Cela n’est pas faux. La noblesse et l’intelligentsia pétersbourgeoises, détachées du reste du pays, versaient dans toutes sortes de dérives, dénoncées par Dostoïevski qui avait annoncé, dans son roman « les Démons », les horreurs à venir. Tout cela est aussi la conséquence de la politique occidentaliste de Pierre le Grand, du schisme des vieux-croyants malheureusement provoqué sous le règne de son père Alexis, du servage qu’on a laissé s’installer et s’aggraver sous le règne des Romanov, on peut dire que les derniers tsars n’ont pas hérité des premiers de la dynastie une situation très facile à gérer. Le tsar Nicolas, avant de devenir la proie des bolcheviques, avait été trahi par tout son entourage. Donc, en une certaine façon, quand le patriarche dit que le peuple russe est responsable, il l’est, bien qu’à priori, ce soient surtout ses élites qui aient provoqué l’engrenage fatal.
En dehors des faits historiques, il intervient probablement dans cette assertion du patriarche et de nombreux prêtres depuis que l’événement a eu lieu, la conscience que nous sommes tous solidaires dans le péché, ce qu’on appelle, pour les romans de Dostoïevski, la responsabilité collective, car l’Homme est Un (comme l’écrivait le père Vsévolod Schpiller). Ainsi, dans les « Frères Karamazov », l’affreux père Karamazov est-il tué par son ignoble fils bâtard, mais de ses autres fils qui le détestaient cordialement, à l’exception du doux Aliocha, l’intellectuel Ivan se pend, et la tête brûlée Mitia, que l’on accuse et condamne à tort, prend volontairement sur lui la croix de ce crime, car s’il ne l’a pas commis, il a désiré le commettre, et il expie consciemment pour lui et pour les autres. 
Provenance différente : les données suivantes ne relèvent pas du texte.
Lemma copid_mx_exchange m (S : 'M[F]_(m, n)) v K :
  (v <= copid_mx K)%MS -> ~~ (v <= S)%MS -> (copid_mx K.+1 <= S)%MS ->
  (copid_mx K <= v + S)%MS.
Proof.
move=> vK vS KS; have [Kn | nK] := ltnP K n; last first.
  case/negP: vS; have /sub_copid_mxP v0 := vK.
  suff -> : v = 0 by apply: sub0mx.
  by apply/rowP => k; rewrite mxE v0 // (leq_trans (ltn_ord k)).
have /= splitK := copid_mx_split (Ordinal Kn).
have sub_dS : (@copid_mx F n K <= (delta_mx 0 (Ordinal Kn) : 'rV_n) + S)%MS.
  exact: submx_trans splitK (addsmxS (submx_refl _) KS).
have dvS := sub_adds_exchange (submx_trans vK sub_dS) vS.
by apply: submx_trans sub_dS _; rewrite addsmx_sub dvS addsmxSr.
Qed.

End CoordinateSubspaces.

Section Spans.
Variables (R : realType) (n : nat).
Local Notation pt := (pt R n).
Local Notation vf := (vf R n).
Local Notation distr := (distr R n).
Local Notation spanat := (@spanat R n).
Implicit Types (L M : distr) (x : pt).

Lemma mem_spanat L v x : v \in L -> (v x <= spanat L x)%MS.
Proof.
move=> vL; have iL : (index v L < size L)%N by rewrite index_mem.
rewrite (_ : v x = row (Ordinal iL) (spanat L x)) ?row_sub //.
by apply/rowP => k; rewrite !mxE /= nth_index.
Qed.

Lemma spanat_subP L x m (S : 'M[R]_(m, n)) :
  reflect (forall v, v \in L -> (v x <= S)%MS) (spanat L x <= S)%MS.
Proof.
apply: (iffP idP) => [sLS v vL | sub]; first exact: submx_trans (mem_spanat _ vL) sLS.
apply/row_subP => i; rewrite (_ : row i _ = nth (fun=> 0) L i x).
  exact/sub/mem_nth.
by apply/rowP => k; rewrite !mxE.
Qed.

Lemma spanat_cat L M x : (spanat (L ++ M) x :=: spanat L x + spanat M x)%MS.
Proof.
apply/eqmxP/andP; split.
  apply/spanat_subP => v; rewrite mem_cat => /orP[] vL.
    exact: submx_trans (mem_spanat _ vL) (addsmxSl _ _).
  exact: submx_trans (mem_spanat _ vL) (addsmxSr _ _).
rewrite addsmx_sub; apply/andP; split; apply/spanat_subP => v vL;
  by apply: mem_spanat; rewrite mem_cat vL ?orbT.
Qed.

Lemma spanat_seq1 v x : (spanat [:: v] x :=: v x)%MS.
Proof.
apply/eqmxP/andP; split; last by apply: mem_spanat; rewrite inE.
by apply/spanat_subP => w; rewrite inE => /eqP ->.
Qed.

Lemma spanat_cat1 L v x : (spanat (L ++ [:: v]) x :=: spanat L x + v x)%MS.
Proof. exact: eqmx_trans (spanat_cat _ _ _) (adds_eqmx (eqmx_refl _) (spanat_seq1 _ _)). Qed.

Lemma spanat_cat2 L u v x :
  (spanat (L ++ [:: u; v]) x :=: spanat L x + (u x + v x))%MS.
Proof.
have -> : L ++ [:: u; v] = (L ++ [:: u]) ++ [:: v] by rewrite -catA.
rewrite addsmxA; apply: eqmx_trans (spanat_cat1 _ _ _) _.
exact: adds_eqmx (spanat_cat1 _ _ _) (eqmx_refl _).
Qed.

End Spans.

Section Dseq.
Variables (R : realType) (n : nat) (a b1 b2 : vf R n).
Local Notation D := (Dseq a b1 b2).
Local Notation u k := (iter k (bracket a) b1).
Local Notation w k := (iter k (bracket a) b2).

Lemma DseqSS j : D j.+2 = D j.+1 ++ adD a (D j.+1).
Proof. by []. Qed.

Lemma mem_Dseq j v : v \in D j -> exists2 k, (k < j)%N & v = u k \/ v = w k.
Proof.
elim: j v => [//|[|j] IH] v.
  by rewrite !inE => /orP[]/eqP ->; exists 0%N; [|left| |right].
rewrite DseqSS mem_cat => /orP[/IH [k kj e]|/mapP [v' /IH [k kj e] ->]].
  by exists k => //; apply: leqW.
by exists k.+1 => //; case: e => ->; [left|right].
Qed.

Lemma iter_mem_Dseq j k : (k < j)%N -> u k \in D j /\ w k \in D j.
Proof.
elim: j k => [//|[|j] IH] k.
  rewrite ltnS leqn0 => /eqP ->.
  by split; [apply: mem_head | apply: (mem_last b1 [:: b2])].
rewrite ltnS leq_eqVlt DseqSS !mem_cat => /orP[/eqP ->|kj].
  have [uj wj] := IH j (ltnSn j).
  by split; apply/orP; right; [apply: (map_f _ uj) | apply: (map_f _ wj)].
by have [uk wk] := IH k kj; split; apply/orP; left.
Qed.

Lemma iter_sub_spanat_Dseq j k x : (k < j)%N ->
  (u k x <= spanat (D j) x)%MS /\ (w k x <= spanat (D j) x)%MS.
Proof.
by case/iter_mem_Dseq => uk wk; split; [apply: (mem_spanat x uk) | apply: (mem_spanat x wk)].
Qed.

Lemma spanat_DseqS j x :
  (spanat (D j.+1) x :=: spanat (D j) x + (u j x + w j x))%MS.
Proof.
apply/eqmxP/andP; split.
  apply/spanat_subP => v /mem_Dseq [k]; rewrite ltnS leq_eqVlt => /orP[/eqP->|kj].
    by case=> ->; apply: submx_trans (addsmxSr _ _); [apply: addsmxSl | apply: addsmxSr].
  by have [uk wk] := iter_sub_spanat_Dseq x kj; case=> ->; apply: submx_trans (addsmxSl _ _).
have [uj wj] := iter_sub_spanat_Dseq x (ltnSn j).
rewrite !addsmx_sub; apply/and3P; split=> //.
by apply/spanat_subP => v /mem_Dseq [k /leqW/(iter_sub_spanat_Dseq x) [uk wk]] [] ->.
Qed.

Lemma spanat_adD_Dseq j x : (spanat (adD a (D j)) x <= spanat (D j.+1) x)%MS.
Proof.
apply/spanat_subP => _ /mapP [v /mem_Dseq [k kj e] ->].
have [uk wk] := iter_sub_spanat_Dseq x (kj : k.+1 < j.+1)%N.
by case: e => ->; rewrite -iterS.
Qed.

Lemma smooth_vf_Dseq j v : smooth_vf a -> smooth_vf b1 -> smooth_vf b2 ->
  v \in D j -> smooth_vf v.
Proof. by move=> sa sb1 sb2 /mem_Dseq [k _ [] ->]; apply: smooth_vf_iter. Qed.

End Dseq.

Section DifferentiableMatrices.
Variables (R : realType) (n : nat).
Local Notation pt := (pt R n).

Lemma differentiable_bigsum (I : Type) (r : seq I) (F : I -> pt -> R) x :
  (forall i, differentiable (F i) x) ->
  differentiable (fun y => \sum_(i <- r) F i y) x.
Proof.
move=> dF; elim: r => [|i r IH].
  by under eq_fun do rewrite big_nil; apply: differentiable_cst.
by under eq_fun do rewrite big_cons; apply: differentiableD.
Qed.

Lemma differentiable_bigprod (I : Type) (r : seq I) (F : I -> pt -> R) x :
  (forall i, differentiable (F i) x) ->
  differentiable (fun y => \prod_(i <- r) F i y) x.
Proof.
move=> dF; elim: r => [|i r IH].
  by under eq_fun do rewrite big_nil; apply: differentiable_cst.
by under eq_fun do rewrite big_cons; apply: differentiableM.
Qed.

Lemma differentiable_det r (F : pt -> 'M[R]_r) x :
  (forall i j, differentiable (fun y => F y i j) x) ->
  differentiable (fun y => \det (F y)) x.
Proof.
move=> dF; apply: differentiable_bigsum => s.
apply: differentiableM; first exact: differentiable_cst.
by apply: differentiable_bigprod => i; apply: dF.
Qed.

Lemma differentiable_adj r (F : pt -> 'M[R]_r) x :
  (forall i j, differentiable (fun y => F y i j) x) ->
  forall i j, differentiable (fun y => \adj (F y) i j) x.
Proof.
move=> dF i j; under eq_fun do rewrite mxE /cofactor.
apply: differentiableM; first exact: differentiable_cst.
by apply: differentiable_det => p q; under eq_fun do rewrite !mxE; apply: dF.
Qed.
On peut dire que de la même manière, si les Russes n’ont pas commandité ni exécuté le crime odieux, ils l’ont favorisé, par complaisance, lâcheté, trahison, passivité, et toutes sortes de mauvais sentiments. Une grande partie des gens, comme toujours dans ces cas-là, subissait sans trop comprendre, une partie restait loyale, et l’autre se donnait comme une fille folle aux mauvais sujets (au sens propre) patibulaires qui lui contaient des boniments sur la vie merveilleuse qu’ils allaient lui faire et n’entendait pas qu’on la privât de son rêve. Tout le monde était plus ou moins impliqué dans un sens ou dans l’autre, comme il arrive toujours dans un événement historique, et en tant que chrétiens orthodoxes, nous savons que nous sommes tous reliés, en communication profonde et mystérieuse, en communion. Auprès de certains il fait clair, auprès d’autres, il fait sombre, la prière d’un seul en sauve plusieurs, mais le mal aussi est contagieux. Dans cette perspective, le crime, en effet, implique l’ensemble du pays et s’en repentir au sens chrétien a un sens profond. Quand je prie : « Seigneur, prends pitié de moi pécheur », le moi n’implique pas seulement ma personne, mais tous mes proches, et par extension tous les hommes pécheurs. Peut-être aurait-il fallu préciser tout ceci.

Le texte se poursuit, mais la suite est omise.